Chen Songnan, Tang Mengxia, Kan Jiangming
J Opt Soc Am A Opt Image Sci Vis. 2019 Oct 1;36(10):1709-1718. doi: 10.1364/JOSAA.36.001709.
We propose an encoder-decoder with densely convolutional networks model to recover the depth information from a single RGB image without the need for depth sensors. The encoder part serves to extract the most representative information from the original data through a series of convolution operations and to reduce the resolution of the spatial input feature.

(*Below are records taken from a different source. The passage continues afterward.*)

Definition hnn_nparams (d : nat) (ns : seq nat) : nat :=
  nparams_from d (ns ++ [:: 1]).

Definition affine_layer {R : realType} (P : nat -> R) (o a : nat)
    (x : nat -> R) (i : nat) : R :=
  \sum_(l < a) P (o + i * a.+1 + l) * x l + P (o + i * a.+1 + a).

Fixpoint relu_tail {R : realType} (P : nat -> R) (a : nat) (ws : seq nat)
    (o : nat) (x : nat -> R) : R :=
  match ws with
  | [::] => affine_layer P o a x 0
  | b :: ws' => relu_tail P b ws' (o + b * a.+1)
                  (fun i => relu (affine_layer P o a x i))
  end.

(* v(x) = Theta^k o sigma o ... o Theta^1 o H o Theta^0 (x) *)
Definition hnn_eval {R : realType} (d : nat) (ns : seq nat) (P : nat -> R)
    (x : nat -> R) : R :=
  match ns with
  | [::] => 0
  | n1 :: ns' => relu_tail P n1 ns' (n1 * d.+1)
                   (fun i => heaviside (affine_layer P 0 d x i))
  end.

Definition hnn {R : realType} (d : nat) (ns : seq nat) (m : nat)
    (Theta : 'rV[R]_m) (x : 'rV[R]_d) : R :=
  hnn_eval d ns (coord_of Theta) (coord_of x).

(* Iterated one-dimensional Lebesgue integrals; for nonnegative Borel
   integrands this is the Lebesgue integral on R^d (Tonelli). *)
Fixpoint iter_lebesgue_integral {R : realType} (d : nat)
    (F : (nat -> R) -> \bar R) : \bar R :=
  match d with
  | 0 => F (fun _ => 0)
  | d'.+1 => (\int[@lebesgue_measure R]_t
               iter_lebesgue_integral d'
                 (fun x => F (fun i => if i is j.+1 then x j else t)))%E
  end.

Definition lebesgue_integral_Rd {R : realType} (d : nat)
    (g : 'rV[R]_d -> \bar R) : \bar R :=
  iter_lebesgue_integral d (fun x => g (\row_(i < d) x (val i))).

Definition lebesgue_measure_Rd {R : realType} (d : nat) (A : set 'rV[R]_d) : \bar R :=
  lebesgue_integral_Rd (fun x => (\1_A x)%:E).

Definition L2dist2 {R : realType} (d : nat) (Omega : set 'rV[R]_d)
    (f g : 'rV[R]_d -> R) : \bar R :=
  lebesgue_integral_Rd (fun x => (\1_Omega x * (f x - g x) ^+ 2)%:E).

Arguments hnn {R} d ns {m} Theta x.

From HB Require Import structures.
From mathcomp Require Import all_boot all_order all_algebra.
From mathcomp Require Import all_classical all_reals all_analysis.
From mathcomp Require Import measurable_realfun lra zify.
Set Implicit Arguments. Unset Strict Implicit. Unset Printing Implicit Defensive.
Import Order.TTheory GRing.Theory Num.Theory.
Import numFieldNormedType.Exports.
Local Open Scope classical_set_scope.
Local Open Scope ring_scope.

We use the decoder section to produce an upsampling structure that improves the output resolution. Our model is trained from scratch, without any special tuning process, and uses a new optimization function to adaptively learn the rate. We demonstrate the effectiveness of the method by evaluating both indoor and outdoor scenes, and the experimental results show that our proposed approach is more accurate than competing methods.
我们提出了一种带有密集卷积网络模型的编码器 - 解码器,用于从单张RGB图像中恢复深度信息,而无需深度传感器。编码器部分通过一系列卷积操作从原始数据中提取最具代表性的信息,并降低空间输入特征的分辨率。我们使用解码器部分来生成一个上采样结构,以提高输出分辨率。我们的模型从零开始训练,无需任何特殊的调优过程,并使用一种新的优化函数来自适应地学习速率。我们通过评估室内和室外场景来证明该方法的有效性,实验结果表明,我们提出的方法比其他竞争方法更准确。